Символическая и романтическая интерпретация мифа
Короткий очерк истории исследования мифа, который я пытался до сих пор дать, привел нас через структурализм к настоящему моменту. Однако мы должны теперь вновь вернуться к началу XIX века, чтобы обратиться к символически-романтическому пониманию мифа. Я потому рассматриваю его лишь сейчас, что оно, как мы увидим, находится в тесной связи с последующим изложением и потому должно быть непосредственно предпослано ему. Символически-романтическое понимание мифа имеет, помимо всего, два источника: первый обнаруживается в И. Г. Гердере, второй — в знакомстве с индийскими Ведами. Гердер видел в них бесконечное количество явлений, картин и образов творения, символы и иероглифы божественного. Он непосредственно проникся этой мыслью в особенности во время свого морского путешествия из Риги в Нант, которое он подробно описал. Во всем, что он при этом наблюдал, он видел "объяснение первого мифологического времени, Дата"141. Тем самым он хотел сказать, что он отныне понял, как возникло мифологическое видение вещей и что они неизбежно показывают себя в таком же свете и современному человеку, когда он не закрыт от них (как во время морского путешествия) грязным плащом цивилизации. Что же касается индийских Вед, то в них из-за неверного определения времени их написания ошибочно предполагали увидеть отблеск праисторической мудрости, которая в седой древности преисполняла людей в качестве божественного откровения. (В действительности же Веды частично датируются 4 тыс. до н. э.) Если Гердер воскресил неизбывное настоящее мифа в повсюду видимых символах, то исследование санскрита разбудило склонность видеть в прошедших, исчезнувших культурах нечто если не превосходящее, то хотя бы равноценное современной культуре. Оба эти фактора привели в конце концов к до сих пор неведомой реабилитации мифа.

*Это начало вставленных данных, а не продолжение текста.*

Lemma is_derive_Uprof y : is_derive Uprof y (Uprof' y).
Proof.
  unfold Uprof', Uprof, Defs.tanh. pose proof sqrt2_pos.
  auto_derive.
  - apply Rgt_not_eq, Rplus_lt_0_compat; apply exp_pos.
  - unfold Rdiv. set (a := exp (y * / sqrt 2)). set (b := exp (- (y * / sqrt 2))).
    assert (0 < a) by apply exp_pos. assert (0 < b) by apply exp_pos.
    field. split; lra.
Qed.

Lemma ex_derive_Uprof y : ex_derive Uprof y.
Proof. eexists; apply is_derive_Uprof. Qed.

Lemma Derive_Uprof y : Derive Uprof y = Uprof' y.
Proof. apply is_derive_unique, is_derive_Uprof. Qed.

Lemma is_derive_Uprof' y : is_derive Uprof' y (Uprof'' y).
Proof.
  unfold Uprof', Uprof'', Defs.f. pose proof sqrt2_pos.
  auto_derive; [apply ex_derive_Uprof|].
  rewrite Derive_Uprof. unfold Uprof'. field_simplify; [|lra].
  replace (sqrt 2 ^ 2) with 2 by (simpl; rewrite Rmult_1_r, sqrt_sqrt; lra). field.
Qed.

Lemma ex_derive_Uprof' y : ex_derive Uprof' y.
Proof. eexists; apply is_derive_Uprof'. Qed.

Lemma Derive_Uprof' y : Derive Uprof' y = Uprof'' y.
Proof. apply is_derive_unique, is_derive_Uprof'. Qed.

Lemma is_derive_Uprof'' y : is_derive Uprof'' y (Uprof''' y).
Proof.
  unfold Uprof'', Uprof''', fprime, Defs.f.
  auto_derive; [repeat split; apply ex_derive_Uprof|]. rewrite Derive_Uprof. ring.
Qed.

Lemma ex_derive_Uprof'' y : ex_derive Uprof'' y.
Proof. eexists; apply is_derive_Uprof''. Qed.

Lemma Derive_Uprof'' y : Derive Uprof'' y = Uprof''' y.
Proof. apply is_derive_unique, is_derive_Uprof''. Qed.

Lemma ex_derive_Uprof''' y : ex_derive Uprof''' y.
Proof.
  unfold Uprof''', fprime.
  auto_derive. split; [apply ex_derive_Uprof|]. split; [apply ex_derive_Uprof'|]. exact I.
Qed.

Lemma is_derive_Uprim y : is_derive Uprim y (Uprof y).
Proof.
  unfold Uprim, Uprof, Defs.tanh. pose proof sqrt2_pos. auto_derive.
  - apply Rdiv_lt_0_compat; [apply Rplus_lt_0_compat; apply exp_pos | lra].
  - unfold Rdiv. set (a := exp (y * / sqrt 2)). set (b := exp (- (y * / sqrt 2))).
    assert (0 < a) by apply exp_pos. assert (0 < b) by apply exp_pos.
    field. split; lra.
Qed.

Lemma ex_derive_Uprim y : ex_derive Uprim y.
Proof. eexists; apply is_derive_Uprim. Qed.

Lemma Derive_Uprim y : Derive Uprim y = Uprof y.
Proof. apply is_derive_unique, is_derive_Uprim. Qed.

Lemma Rabs_Uprof_lt1 y : Rabs (Uprof y) < 1.
Proof.
  unfold Uprof, Defs.tanh.
  set (a := exp (y / sqrt 2)). set (b := exp (- (y / sqrt 2))).
  assert (0 < a) by apply exp_pos. assert (0 < b) by apply exp_pos.
  apply Rabs_def1; apply Rmult_lt_reg_r with (a + b); try lra;
    unfold Rdiv; rewrite Rmult_assoc, Rinv_l; lra.
Qed.

Lemma Rabs_Uprof_le1 y : Rabs (Uprof y) <= 1.
Proof. left; apply Rabs_Uprof_lt1. Qed.

Lemma Uprof_opp y : Uprof (- y) = - Uprof y.
Proof.
  unfold Uprof, Defs.tanh. pose proof sqrt2_pos.
  replace (- y / sqrt 2) with (- (y / sqrt 2)) by (field; lra).
  rewrite Ropp_involutive.
  set (a := exp (y / sqrt 2)). set (b := exp (- (y / sqrt 2))).
  assert (0 < a) by apply exp_pos. assert (0 < b) by apply exp_pos.
  field. lra.
Qed.

Lemma Uprof_ge0 y : 0 <= y -> 0 <= Uprof y.
Proof.
  intros Hy. unfold Uprof, Defs.tanh. pose proof sqrt2_pos.
  assert (exp (- (y / sqrt 2)) <= exp (y / sqrt 2)).
  { apply exp_le_exp. assert (0 <= y / sqrt 2) by (apply Rdiv_le_0_compat; lra). lra. }
  apply Rdiv_le_0_compat; [lra | apply Rplus_lt_0_compat; apply exp_pos].
Qed.

Lemma sech2_pos y : 0 < sech2 y.
Proof.
  unfold sech2. pose proof (Rabs_Uprof_lt1 y). rewrite <- pow2_abs.
  pose proof (Rabs_pos (Uprof y)). nra.
Qed.

Lemma sech2_le1 y : sech2 y <= 1.
Proof. unfold sech2. pose proof (pow2_ge_0 (Uprof y)). lra. Qed.

Lemma sech2_opp y : sech2 (- y) = sech2 y.
Proof. unfold sech2. rewrite Uprof_opp. ring. Qed.

Lemma sech2_exp_decay y : sech2 y <= 4 * exp (- (sqrt 2 * Rabs y)).
Proof.
  unfold sech2, Uprof, Defs.tanh. pose proof sqrt2_pos.
  set (a := exp (y / sqrt 2)). set (b := exp (- (y / sqrt 2))).
  assert (0 < a) by apply exp_pos. assert (0 < b) by apply exp_pos.
  assert (Hab : a * b = 1).
  { unfold a, b. rewrite <- exp_plus, Rplus_opp_r. apply exp_0. }
  assert (E : 1 - ((a - b) / (a + b)) ^ 2 = 4 / (a + b) ^ 2).
  { field_simplify; try lra. replace (4 * a * b) with 4 by (rewrite Rmult_assoc, Hab; ring).
    reflexivity. }
  rewrite E, exp_Ropp.
  (* [(a + b)^2 >= max(a, b)^2 = exp (sqrt 2 * |y|)] *)
  assert (Hm : exp (sqrt 2 * Rabs y) <= (a + b) ^ 2).
  { replace (exp (sqrt 2 * Rabs y)) with (exp (Rabs y / sqrt 2) ^ 2).
    2:{ simpl. rewrite Rmult_1_r, <- exp_plus. f_equal.
        replace (sqrt 2 * Rabs y) with (sqrt 2 * sqrt 2 * Rabs y / sqrt 2) by (field; lra).
        rewrite sqrt_sqrt by lra. field. lra. }
    apply pow_incr. split; [left; apply exp_pos|].
    destruct (Rle_dec 0 y).
    - rewrite Rabs_right by lra. fold a. lra.
    - rewrite Rabs_left by lra.
      replace (- y / sqrt 2) with (- (y / sqrt 2)) by (field; lra). fold b. lra. }
  unfold Rdiv. apply Rmult_le_compat_l; [lra|].
  apply Rinv_le_contravar; [apply exp_pos | exact Hm].
Qed.

Lemma Rabs_Uprof'_le y : Rabs (Uprof' y) <= sech2 y.
Proof.
  unfold Uprof'. fold (sech2 y). pose proof (sech2_pos y). pose proof sqrt2_ge1.
  rewrite Rabs_right by (apply Rle_ge, Rdiv_le_0_compat; lra).
  apply Rmult_le_reg_r with (sqrt 2); [lra|].
  unfold Rdiv. rewrite Rmult_assoc, Rinv_l by lra. nra.
Qed.

Lemma Rabs_Uprof''_le y : Rabs (Uprof'' y) <= sech2 y.
Proof.
  unfold Uprof'', Defs.f, sech2.
  replace (Uprof y ^ 3 - Uprof y) with (- Uprof y * (1 - Uprof y ^ 2)) by ring.
  pose proof (sech2_pos y). unfold sech2 in H.
  rewrite Rabs_mult, Rabs_Ropp, (Rabs_pos_eq (1 - _)) by lra.
  pose proof (Rabs_Uprof_le1 y). pose proof (Rabs_pos (Uprof y)). nra.
Qed.

Lemma Rabs_Uprof_sub1_le y : 0 <= y -> Rabs (Uprof y - 1) <= sech2 y.
Proof.
  intros Hy. pose proof (Uprof_ge0 y Hy). pose proof (Rabs_Uprof_le1 y).
  rewrite Rabs_right in H0 by lra. unfold sech2.
  rewrite Rabs_left1 by lra. nra.
Qed.

Lemma Rabs_Uprof_add1_le y : y <= 0 -> Rabs (Uprof y + 1) <= sech2 y.
Proof.
  intros Hy. rewrite <- sech2_opp. replace y with (- - y) by ring.
  rewrite Uprof_opp, Ropp_involutive.
  replace (- Uprof (- y) + 1) with (- (Uprof (- y) - 1)) by ring.
  rewrite Rabs_Ropp. apply Rabs_Uprof_sub1_le. lra.
Qed.

(** * Corrected layers *)

Definition layer'' (eps xi s x : R) : R := s * Uprof'' ((x - xi) / eps) / eps ^ 2.

Definition layer''' (eps xi s x : R) : R := s * Uprof''' ((x - xi) / eps) / eps ^ 3.

(* One layer together with its share of [betaN], which is additive over the
   layers; hence [uh_sum_clayer].  The suffixes [_x], [_t] denote derivatives
   in the position [x] and in the layer centre [t]. *)
Definition clayer (e t s x : R) : R :=
  layer e t s x - layer e t s 0 - layer' e t s 0 * x
  + (layer' e t s 0 - layer' e t s 1) / 2 * x ^ 2.

Definition clayer_x (e t s x : R) : R :=
  layer' e t s x - layer' e t s 0 + (layer' e t s 0 - layer' e t s 1) * x.

Definition clayer_xx (e t s x : R) : R :=
  layer'' e t s x + layer' e t s 0 - layer' e t s 1.

Definition clayer_t (e t s x : R) : R :=
  - layer' e t s x + layer' e t s 0 + layer'' e t s 0 * x
  - (layer'' e t s 0 - layer'' e t s 1) / 2 * x ^ 2.

Definition clayer_tx (e t s x : R) : R :=
  - layer'' e t s x + layer'' e t s 0 - (layer'' e t s 0 - layer'' e t s 1) * x.

Definition clayer_txx (e t s x : R) : R :=
  - layer''' e t s x - layer'' e t s 0 + layer'' e t s 1.

Definition clayer_prim (e t s x : R) : R :=
  s * e * Uprim ((x - t) / e) - layer e t s 0 * x - layer' e t s 0 * x ^ 2 / 2
  + (layer' e t s 0 - layer' e t s 1) / 6 * x ^ 3.

Definition clayer_mass (e t s : R) : R := clayer_prim e t s 1 - clayer_prim e t s 0.

Definition clayer_mass_t (e t s : R) : R :=
  - (s * Uprof ((1 - t) / e)) + s * Uprof ((0 - t) / e) + layer' e t s 0
  + layer'' e t s 0 / 2 - (layer'' e t s 0 - layer'' e t s 1) / 6.

Ltac solve_layer_derive :=
  unfold clayer_mass, clayer_mass_t, clayer_prim, clayer, clayer_x, clayer_xx,
    clayer_t, clayer_tx, clayer_txx, layer, layer', layer'', layer''';
  auto_derive;
  [ repeat split; auto using ex_derive_Uprof, ex_derive_Uprof', ex_derive_Uprof'',
      ex_derive_Uprof''', ex_derive_Uprim
  | rewrite ?Derive_Uprof, ?Derive_Uprof', ?Derive_Uprof'', ?Derive_Uprim;
    unfold Rminus, Rdiv; field; auto ].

==62 Вообще-то вначале преобладало мнение, что миф опирается на искаженную индийскую или, как тогда в этой связи также полагали, египетскую мудрость праисторических времен. В этом сходились А. Канне142, Ф. Г. Велькер143, Г. Германн'44 и Ф. Кройцер145, даже если их мнения и различались во многих частностях и они скорее критически относились друг к другу146. Поскольку Кройцер был наиболее значительным из них, то мы обратимся для примера к рассмотрению лишь его взглядов. Хотя Кройцер и перенял применяемое Гердером к мифу понятие символа, он вместе с тем придал ему такое значение, которое обнаруживает влияние вышедшей в 1803 году книги Шеллинга "Философия искусства". Символ, по Кройцеру, выражает собой явление бесконечного в конечном и чувственном образе. Именно нечто подобное имеет место, когда себя проявляет божественная сущность: таким образом, символ является средством божественного откровения. В этом смысле всякий мифический бог был первоначально символом, который "чудесным образом объединяет красоту формы с высочайшей полнотой сущности"'47. Однако не только боги обладали подобной символической силой, но и связанная с ними речь в качестве "простой формулы, письменного предписания или волнующего сообщения"148. В таких довольно лаконично описанных Кройцером праобразах и праформулах якобы воплощалась праисторическая мудрость человечества. Однако она довольно быстро выродилась отчасти из-за того, что священники могли преподносить ее древнему народу лишь в виде басен и сказок, а отчасти потому, что ею овладел, в особенности у греков, безудержный порыв поэтической фантазии. Символ можно было постичь философски, пусть даже и не полностью, паразитирующую же на нем мифологию, насмехающуюся над всякой логикой, — едва ли. В то время как "философская символика Востока... воздерживаясь от красивостей, пыталась лишь сохранить великое содержание древней веры в соответствующих образах"149, "высокая серьезность седой старины выродилась в свободную игру фантазии благодаря поэтической мифологии греков"150. Однако если для Кройцера праисторическая мудрость как форма божественного откровения лежит, погребенная в давно минувшее прошлое, то она тем не менее — и здесь он вновь следует за Гердером — может быть возрождена тем, кто имеет глаза, чтобы видеть, и уши, чтобы Слышать. Для него существует "...переживание мифа, и такой человек переживает миф ежедневно, когда обозревает живое хозяйство природы и наблюдает народ в его жизни и делах"151.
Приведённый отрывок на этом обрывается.